Award show categories. Now there’s a topic to set the ranters ranting. More specifically, the proliferation of award show categories… Make the mistake of bringing that nugget up in conversation with the wrong person and you’d better grab a comfy chair, refresh your drink and get ready for a loud and lengthy stream of opinions from the Big Box of Opinions. The news this week that Cannes has added Digital Craft to its ever-growing pride of Lions is guaranteed to trigger a chorus of predictable roars. But hold your fire, y’all. I think it’s kind of neat.

Advertising craft is a bit of a nerdy obsession of mine. The alchemy of colour. The skin-tingling power of sound design. The architecture of the edit. The electron-level exactitude of type layout. A proper artisan (come on, we’re all hipsters here, we can misapply the word artisanal willy-nilly if we want to) can save a great idea from ham-fisted ugliness. It can make sure that it gets the attention that it deserves. 

But until recently the concept of creative craft in advertising has been one of the graphic or filmic stuff. It’s sort of strange considering the diversity of work that falls under the banner of marketing and advertising these days. I’ve been noodling around with the topic for a while and something I’ve been regularly bringing up with interviewees over the past year or so – Ronald Ng at DigitalLBi, for example, Andy Sandoz at Havas Work Club is another, as is Jax Ostle Evans at Stinkdigital.

A film craft jury and a digital craft jury are always going to judge, say, an interactive film experience by different criteria. Intuitive navigation, an efficient and robust build, ingenious hacks that expand the possibilities of current technology are all key in determining whether a person will use – and continue using – a website, app or tool. 
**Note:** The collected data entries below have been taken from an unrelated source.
Lemma ell_f_ge0 : 0 <= ell_f f.
Proof.
apply: lb_le_inf lbound_f01.
by exists (f 0), 0 => //=; rewrite in_itv /= lexx ler01.
Qed.

Lemma ell_f_le q : 0 <= q <= 1 -> ell_f f <= f q.
Proof.
move=> q01; apply: ge_inf; first by exists 0; exact: lbound_f01.
by exists q => //=; rewrite in_itv.
Qed.

End ell_f.

Lemma ptilde_density_le_setE (R : realType) d (Omega : measurableType d)
    (T P Q : Omega -> R) (s : R) :
    (forall x, T x = 0 \/ T x = 1) ->
  [set x | ptilde_density T P Q x <= s] =
    ([set x | (P x <= s)%R] `&` [set x | T x = 1]) `|`
    ([set x | (Q x <= s)%R] `\` [set x | T x = 1]).
Proof.
move=> T01; apply/seteqP; split => x /=; rewrite /ptilde_density.
  case: (T01 x) => ->; rewrite ?subr0 ?subrr ?mul0r ?add0r ?addr0 mul1r.
    by move=> Qs; right; split=> // /esym/eqP; rewrite oner_eq0.
  by move=> Ps; left.
case=> [[Ps ->]|[Qs]]; first by rewrite mul1r subrr mul0r addr0.
by case: (T01 x) => -> //; rewrite mul0r add0r subr0 mul1r.
Qed.

Section ptilde_density_law.
Local Open Scope ereal_scope.
Context {R : realType} {d} {Omega : measurableType d} {Pr : probability Omega R}.
Context {P Q T : Omega -> R} {f : R -> R} {kappa : R.-pker R ~> R} {eta : R}.
Hypotheses (mP : measurable_fun setT P) (mQ : measurable_fun setT Q).
Hypothesis mT : measurable_fun setT T.
Hypothesis Q01 : forall x, (0 <= Q x <= 1)%R.
Hypothesis T01 : forall x, T x = 0%R \/ T x = 1%R.
Hypothesis mf : measurable_fun setT f.
Hypothesis f_ge0 : forall q, (0 <= q <= 1)%R -> (0 <= f q)%R.
Hypothesis Qdens : forall A : set R, measurable A ->
  Pr (Q @^-1` A) = \int[lebesgue_measure]_(q in A `&` `[0%R, 1%R]) (f q)%:E.
Hypothesis Hcond : forall A B : set R, measurable A -> measurable B ->
  Pr (Q @^-1` A `&` P @^-1` B) =
    \int[lebesgue_measure]_(q in A `&` `[0%R, 1%R]) ((f q)%:E * kappa q B).
Hypothesis eta01 : (0 <= eta <= 1)%R.
Hypothesis HT : forall C : set (R * R)%type, measurable C ->
  Pr ([set x | C (Q x, P x)] `&` [set x | T x = 1%R]) =
    \int[Pr]_(x in [set x | C (Q x, P x)]) (1 - eta * ell_f f / f (Q x))%:E.

Let c := (eta * ell_f f)%R.

Let c0 : (0 <= c)%R.
Proof. by rewrite mulr_ge0 ?(andP eta01).1 ?ell_f_ge0. Qed.

Let c_le_f q : (0 <= q <= 1)%R -> (c <= f q)%R.
Proof.
move=> q01; apply: (le_trans _ (ell_f_le f_ge0 _ q01)).
by rewrite ler_piMl ?ell_f_ge0 ?(andP eta01).2.
Qed.

Let weight x := (c / f (Q x))%R.

Let weight01 x : (0 <= weight x <= 1)%R.
Proof.
have cf := c_le_f _ (Q01 x); have f0 := le_trans c0 cf.
rewrite /weight divr_ge0 //=.
have [->|fQ0] := eqVneq (f (Q x)) 0%R; first by rewrite invr0 mulr0.
by rewrite ler_pdivrMr ?mul1r // lt_neqAle eq_sym fQ0.
Qed.

Let mweight : measurable_fun setT (fun x => (weight x)%:E).
Proof.
apply/measurable_EFinP/measurable_funM => //.
exact: measurableT_comp (measurable_inv R) (measurableT_comp mf mQ).
Qed.

Let T1 := [set x | T x = 1%R].

Let mT1 : measurable T1.
Proof. exact: measurable_preimageT mT (measurable_set1 1%R). Qed.

Let mQP {C : set (R * R)%type} :
  measurable C -> measurable [set x | C (Q x, P x)].
Proof. exact: measurable_preimageT (measurable_fun_pair mQ mP). Qed.

Lemma measureI_T1_add_weight C : measurable C ->
  Pr ([set x | C (Q x, P x)] `&` T1) +
    \int[Pr]_(x in [set x | C (Q x, P x)]) (weight x)%:E =
  Pr [set x | C (Q x, P x)].
Proof.
move=> mC; have mE := mQP mC.
rewrite HT // -ge0_integralD //.
- under eq_integral do rewrite -EFinD subrK.
  by rewrite integral_cst // mul1e.
- by move=> x _; rewrite lee_fin subr_ge0 (andP (weight01 x)).2.
- apply: measurable_funTS; apply/measurable_EFinP/measurable_funB => //.
  exact/measurable_EFinP.
- by move=> x _; rewrite lee_fin (andP (weight01 x)).1.
- exact: measurable_funTS.
Qed.

Lemma measureD_T1_weight C : measurable C ->
  Pr ([set x | C (Q x, P x)] `\` T1) =
    \int[Pr]_(x in [set x | C (Q x, P x)]) (weight x)%:E.
Proof.
move=> mC; set E := [set x | C (Q x, P x)]; have mE : measurable E := mQP mC.
have splitE : Pr E = Pr (E `\` T1) + Pr (E `&` T1) by exact: measureDI.
have finI : Pr (E `&` T1) \is a fin_num by rewrite fin_num_measure //; exact: measurableI.
move: splitE; rewrite -(measureI_T1_add_weight _ mC) -/E addeC.
by move=> /(congr1 (fun z => z - Pr (E `&` T1))); rewrite !addeK.
Qed.

Let P_le_setE s : [set x | (P x <= s)%R] = [set x | (setT `*` `]-oo, s]) (Q x, P x)].
Proof. by apply/seteqP; split => x /=; rewrite in_itv /=; [move=> ?; split | case]. Qed.

Let Q_le_setE s : [set x | (Q x <= s)%R] = [set x | (`]-oo, s] `*` setT) (Q x, P x)].
Proof. by apply/seteqP; split => x /=; rewrite in_itv /=; [move=> ?; split | case]. Qed.

Let prob_le_fin_num {X : Omega -> R} s : measurable_fun setT X ->
  prob_le Pr X s \is a fin_num.
Proof.
move=> mX; apply: fin_num_measure; rewrite set_le_preimage.
exact: measurable_preimageT mX (measurable_itv _).
Qed.

Let mptilde : measurable_fun setT (ptilde_density T P Q).
Proof.
by apply: measurable_funD; apply: measurable_funM => //; apply: measurable_funB.
Qed.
Plus there are companies that have underpinned the most awarded campaigns of the last few years – and have seen their (often pretty hefty) contribution to a project underplayed on the award circuit. The new category should go some way to righting that wrong.

I wonder if it might, even, go some way toward bridging the Mean Girls-esque social chasm between Cannes’ tech giant interlopers and the old guard? Maybe?

Sure, there will be challenges. How to find the jurors with the expertise to delve deep into entries within their own specialist field and the breadth of understanding to be able to evaluate the craft merits of everything from a digital shopping experience to a virtual reality film to a mobile game? And, as Andy Sandoz pointed out to me, the ‘always beta’ mentality of the digital arena can cause difficulty for the painstaking refinements of craftsmanship. But that’s no reason not to at least try.

So I’ll be following this new category with curiosity, Luddite though I am. It shows a more grown up approach to creative technology. Not everything hangs on the for-the-sake-of-it latest tech trend. Progress can be incremental rather than convulsive. As an industry, I sometimes wonder if the reason that we’re often so quick to over hype the novel or be dazzled by a faddish campaign is that we want to cover up our lack of hard tech skills and true understanding (or, I could just be speaking for myself). I have an inkling that this new category might be just the thing to get us to (collectively) slow down and think harder. It’s not dumbing down… it’s braining up.